Overthinking it June 9, 2009 4:23 AM   Subscribe

An astonishing new product is poised to revolutionize the way you read Metafilter.
posted by Horace Rumpole to MetaFilter-Related at 4:23 AM (53 comments total)

Complements your USB toaster.
posted by Phanx at 4:37 AM on June 9, 2009


I don't know why this is on MetaTalk. I mean, it doesn't seem rela--

the Beanzawave

Oh. I see. Carry on.
posted by flapjax at midnite at 4:40 AM on June 9, 2009


Oh, and now I see your post title. And you tag. I'm a little slow.
posted by flapjax at midnite at 4:41 AM on June 9, 2009


A Daily Mail story about radiation rather than immigration. How rare...
posted by i_cola at 4:54 AM on June 9, 2009


You need to open a window in here, HR.
posted by not_on_display at 4:59 AM on June 9, 2009 [2 favorites]


The future that I was promised is starting to arrive.
posted by Shohn at 5:08 AM on June 9, 2009 [3 favorites]


1. This is for real?
2. Beanzawave? Turquoise? Did Heinz piss off their marketing department?
posted by Navelgazer at 5:21 AM on June 9, 2009 [4 favorites]


It seems that the woman in the photograph is overthinking about how she ended up sitting opposite a guy who likes eating beans so much that he has a tiny portable microwave on his desk for the express purposes of eating beans. Also, that guy is not even looking at his beans. What the hell, guy?
posted by Kattullus at 5:54 AM on June 9, 2009 [2 favorites]

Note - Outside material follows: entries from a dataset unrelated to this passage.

(* Two distinct j give two distinct points on the line through a directed by d,
   so at most one of them is 0. *)
Lemma near_shrink_neq0 e (a d : X) : e != 0 -> d <> 0 ->
  \forall j \near \oo, a + shrink e j *: d <> 0.
Proof.
move=> e0 d0.
have [[j0 aj0]|nz] := pselect (exists j0, a + shrink e j0 *: d = 0); last first.
  by exists 0%N => // j _ aj; apply: nz; exists j.
exists j0.+1 => // j /= j0j aj; move: j0j; apply/negP; rewrite -leqNgt.
have /eqP : (shrink e j - shrink e j0) *: d = 0.
  by rewrite scalerBl -(addrKA a) (addrC _ a) aj aj0 subr0.
rewrite scaler_eq0 subr_eq0 => /orP [/eqP/(shrink_inj e0)->//|/eqP//].
Qed.

Lemma small_scaled_orbit (z : X) p (V : set X) : (0 < p)%N -> iter p T z = z ->
  nbhs 0 V -> exists2 e : K, 0 < e &
    forall c, `|c| < e -> forall j, V (c *: iter j T z).
Proof.
move=> p0 Tz V0.
have : \forall c \near (0 : K^o), forall r : 'I_p, V (c *: iter r T z).
  by apply: (filter_forall (nbhs_filter (0 : K^o))) => r; exact: near0_scale.
move=> /nbhs_norm0P [e e0 eV]; exists e => // c ce j.
rewrite (iter_period_mod j Tz); exact: (eV c ce (Ordinal (ltn_pmod j p0))).
Qed.

Definition shares_periods (x z : X) := forall r, iter r T x = x -> iter r T z = z.

Lemma generic_perturbation (x z : X) M p (e : K) : (0 < M)%N -> (0 < p)%N ->
  iter M T x = x -> iter p T z = z -> 0 < e ->
  exists2 c : K, `|c| < e & shares_periods (x + c *: z) z.
Proof.
move=> M0 p0 Tx Tz e0.
have Mp0 : (0 < M * p)%N by rewrite muln_gt0 M0.
have TMpz : iter (M * p) T z = z by exact: iter_period_mul.
have TMpx : iter (M * p) T x = x by rewrite mulnC; exact: iter_period_mul.
have : \forall j \near \oo, forall r : 'I_(M * p), iter r T z <> z ->
    iter r T x - x + shrink e j *: (iter r T z - z) <> 0.
  apply: filter_forall => r.
  have [Tzr|nTz] := pselect (iter r T z = z); first by apply: nearW => j /(_ Tzr).
  have d0 : iter r T z - z <> 0 by move/subr0_eq.
  by apply: filterS (near_shrink_neq0 (iter r T x - x) (lt0r_neq0 e0) d0) => j + _.
move=> [N _ /(_ N (leqnn N)) HN]; exists (shrink e N); first exact: norm_shrink_lt.
move=> r Txz; apply: contrapT => nTz.
have TMpxz : iter (M * p) T (x + shrink e N *: z) = x + shrink e N *: z.
  by rewrite iter_linearD iter_linearZ TMpz TMpx.
have rM := ltn_pmod r Mp0.
apply: (HN (Ordinal rM)); first by rewrite /= -(iter_period_mod r TMpz).
move: Txz; rewrite (iter_period_mod r TMpxz) iter_linearD iter_linearZ /= => Txz.
by rewrite scalerBr addrACA -opprD Txz subrr.
Qed.

Record stage := Stage { pt : X; per : nat; nb : set X }.

Definition admissible (s : stage) :=
  [/\ (0 < per s)%N, iter (per s) T (pt s) = pt s & nbhs 0 (nb s)].

Definition next_stage (B : set X) k (s s' : stage) :=
  [/\ (per s < per s')%N /\ iter (per s') T (pt s') = pt s',
  nbhs 0 (nb s') /\ (forall v, nb s' v -> nb s' (- v)),
  small8 (nb s') (nb s `&` B `&` orbit_gap T (pt s)),
  (forall j, nb s' (iter j T (pt s' - pt s))) &
  ((exists y, exact_period T k.+1 y) ->
    exists2 z, exact_period T k.+1 z & shares_periods (pt s') z)].

Lemma next_stage_admissible B k s s' :
  admissible s -> next_stage B k s s' -> admissible s'.
Proof.
by case=> M0 _ _ [[/(leq_ltn_trans _) M'0 ?] [? _] _ _ _]; split=> //; apply: M'0.
Qed.

Lemma exists_next_stage (B : set X) k s : hausdorff_space X -> nbhs 0 B ->
  admissible s -> exists s', next_stage B k s s'.
Proof.
case: s => x M V hX B0 [/= M0 Tx V0].
have [V' [V'0 V'N V'8]] :=
  nbhs0_small8 (filterI (filterI V0 B0) (nbhs0_orbit_gap hX M0 Tx)).
have [z Tz zexact] : exists2 z, iter k.+1 T z = z &
    ((exists y, exact_period T k.+1 y) -> exact_period T k.+1 z).
  have [[y ey]|ny] := pselect (exists y, exact_period T k.+1 y).
    by exists y => //; apply/(ey k.+1).
  by exists 0 => //; rewrite iter_linear0.
have [e e0 eV'] := small_scaled_orbit (ltn0Sn k) Tz V'0.
have [c ce cz] := generic_perturbation M0 (ltn0Sn k) Tx Tz e0.
(* The factor 2 makes the period grow even when k = 0. *)
exists (Stage (x + c *: z) (M * (k.+1 * 2)) V'); split => //=.
- split; first by rewrite ltn_Pmulr // muln_gt0.
  have Tx' : iter (M * (k.+1 * 2)) T x = x by rewrite mulnC iter_period_mul.
  have Tz' : iter (M * (k.+1 * 2)) T z = z by rewrite mulnCA mulnC iter_period_mul.
  by rewrite iter_linearD iter_linearZ Tx' Tz'.
- by move=> j; rewrite (addrC x) addrK iter_linearZ; exact: eV'.
- by move=> /zexact ez; exists z.
Qed.

End Perturbation.

Section Construction.
Unset Implicit Arguments.
Context {K : numFieldType} {X : tvsType K} {T : {linear X -> X}}.
Context {B : nat -> set X} {s0 : stage X}.
Hypotheses (hX : hausdorff_space X) (B0 : forall n, nbhs 0 (B n))
  (B_base : forall U, nbhs 0 U -> exists n, B n `<=` U)
  (X_complete : forall u : nat -> X,
     (forall U, nbhs 0 U ->
        exists N, forall m n, (N <= m)%N -> (N <= n)%N -> U (u m - u n)) ->
     exists l : X, u @ \oo --> l)
  (Tc : continuous T) (s0_adm : admissible T s0).

Let adm_stage := {s : stage X | admissible T s}.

But... you can't microwave metal, which is what cans are made of. And eating beans out of one of those plastic things is just dumb and misses the point of beans.
Well, if you buy one you're probably dumb anyway.
posted by dunkadunc at 6:12 AM on June 9, 2009


Navelgazer, the turquoise is actually the only explicable part of the whole idea. That's the color of the can, which seems to be the UK version of the Campbell's soup can.
posted by Horace Rumpole at 6:18 AM on June 9, 2009


£100 (!)
posted by Houstonian at 6:22 AM on June 9, 2009


Ooo, it even has a ham button!
posted by stavrogin at 6:28 AM on June 9, 2009



Shamelessly stolen from the Sheinhardt Wig Company.
posted by He Is Only The Imposter at 6:44 AM on June 9, 2009 [2 favorites]


This Beanzawave, it vibrates the molecules inside the beans?
posted by educatedslacker at 6:49 AM on June 9, 2009 [1 favorite]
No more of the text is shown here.